**WORK INSTRUCTIONS:** Copy, word for word, the lines of the entries below between the one with "Lemma rect_column_like k" and the one with "have /rect_le /(_", inclusive, and leave out everything else.

=== Section Start ===

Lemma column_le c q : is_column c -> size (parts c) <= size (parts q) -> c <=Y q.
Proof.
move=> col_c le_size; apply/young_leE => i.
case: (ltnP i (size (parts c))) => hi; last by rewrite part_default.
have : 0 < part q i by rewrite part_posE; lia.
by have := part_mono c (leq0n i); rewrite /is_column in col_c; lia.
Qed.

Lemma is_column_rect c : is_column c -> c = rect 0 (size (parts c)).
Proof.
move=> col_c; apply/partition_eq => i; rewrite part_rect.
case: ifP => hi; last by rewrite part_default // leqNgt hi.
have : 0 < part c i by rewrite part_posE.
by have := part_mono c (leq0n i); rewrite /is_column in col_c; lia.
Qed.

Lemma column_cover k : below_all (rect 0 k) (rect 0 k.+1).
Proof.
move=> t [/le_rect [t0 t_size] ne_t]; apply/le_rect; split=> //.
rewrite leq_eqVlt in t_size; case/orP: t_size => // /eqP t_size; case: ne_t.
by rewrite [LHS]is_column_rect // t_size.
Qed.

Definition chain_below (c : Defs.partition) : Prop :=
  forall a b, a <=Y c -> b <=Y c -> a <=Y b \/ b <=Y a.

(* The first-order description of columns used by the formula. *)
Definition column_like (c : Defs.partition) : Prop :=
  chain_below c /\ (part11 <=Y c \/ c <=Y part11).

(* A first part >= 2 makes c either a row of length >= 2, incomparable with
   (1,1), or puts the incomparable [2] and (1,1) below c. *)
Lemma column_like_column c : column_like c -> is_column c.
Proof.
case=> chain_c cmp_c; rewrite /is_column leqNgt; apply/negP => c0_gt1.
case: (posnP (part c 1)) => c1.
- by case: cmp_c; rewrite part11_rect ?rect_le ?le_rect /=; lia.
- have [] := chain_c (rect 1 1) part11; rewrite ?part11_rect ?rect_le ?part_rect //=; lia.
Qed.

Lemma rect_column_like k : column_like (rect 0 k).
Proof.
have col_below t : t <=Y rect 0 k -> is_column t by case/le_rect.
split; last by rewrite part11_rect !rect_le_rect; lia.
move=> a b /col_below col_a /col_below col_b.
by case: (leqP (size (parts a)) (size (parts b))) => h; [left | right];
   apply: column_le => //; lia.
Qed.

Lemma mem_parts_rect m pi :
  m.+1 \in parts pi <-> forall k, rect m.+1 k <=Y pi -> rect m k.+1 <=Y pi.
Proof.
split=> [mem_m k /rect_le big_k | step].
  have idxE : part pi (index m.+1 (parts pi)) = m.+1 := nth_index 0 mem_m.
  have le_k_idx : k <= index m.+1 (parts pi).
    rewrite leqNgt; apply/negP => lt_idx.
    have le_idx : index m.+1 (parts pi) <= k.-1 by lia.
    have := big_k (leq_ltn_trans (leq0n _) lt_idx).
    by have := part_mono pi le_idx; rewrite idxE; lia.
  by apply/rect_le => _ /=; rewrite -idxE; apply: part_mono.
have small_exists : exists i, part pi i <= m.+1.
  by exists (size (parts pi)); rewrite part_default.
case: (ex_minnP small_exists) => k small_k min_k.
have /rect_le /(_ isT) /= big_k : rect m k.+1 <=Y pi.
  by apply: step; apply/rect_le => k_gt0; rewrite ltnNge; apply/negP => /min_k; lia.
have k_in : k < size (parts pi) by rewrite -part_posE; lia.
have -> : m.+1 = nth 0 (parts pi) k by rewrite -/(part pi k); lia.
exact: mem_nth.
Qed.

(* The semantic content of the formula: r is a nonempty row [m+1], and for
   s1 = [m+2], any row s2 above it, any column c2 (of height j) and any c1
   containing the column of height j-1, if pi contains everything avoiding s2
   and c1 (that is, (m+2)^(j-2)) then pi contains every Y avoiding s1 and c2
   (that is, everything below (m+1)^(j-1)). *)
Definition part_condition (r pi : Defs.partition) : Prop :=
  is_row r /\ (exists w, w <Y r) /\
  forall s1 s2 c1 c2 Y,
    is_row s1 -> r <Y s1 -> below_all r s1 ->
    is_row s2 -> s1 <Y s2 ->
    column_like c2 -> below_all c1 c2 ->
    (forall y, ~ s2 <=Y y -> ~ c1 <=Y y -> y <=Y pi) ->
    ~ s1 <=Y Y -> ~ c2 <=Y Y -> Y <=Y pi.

=== Section End ===

**EXERCISE SOLUTION:**
Lemma rect_column_like k : column_like (rect 0 k).
Proof.
have col_below t : t <=Y rect 0 k -> is_column t by case/le_rect.
split; last by rewrite part11_rect !rect_le_rect; lia.
move=> a b /col_below col_a /col_below col_b.
by case: (leqP (size (parts a)) (size (parts b))) => h; [left | right];
   apply: column_le => //; lia.
Qed.

Lemma mem_parts_rect m pi :
  m.+1 \in parts pi <-> forall k, rect m.+1 k <=Y pi -> rect m k.+1 <=Y pi.
Proof.
split=> [mem_m k /rect_le big_k | step].
  have idxE : part pi (index m.+1 (parts pi)) = m.+1 := nth_index 0 mem_m.
  have le_k_idx : k <= index m.+1 (parts pi).
    rewrite leqNgt; apply/negP => lt_idx.
    have le_idx : index m.+1 (parts pi) <= k.-1 by lia.
    have := big_k (leq_ltn_trans (leq0n _) lt_idx).
    by have := part_mono pi le_idx; rewrite idxE; lia.
  by apply/rect_le => _ /=; rewrite -idxE; apply: part_mono.
have small_exists : exists i, part pi i <= m.+1.
  by exists (size (parts pi)); rewrite part_default.
case: (ex_minnP small_exists) => k small_k min_k.
have /rect_le /(_ isT) /= big_k : rect m k.+1 <=Y pi.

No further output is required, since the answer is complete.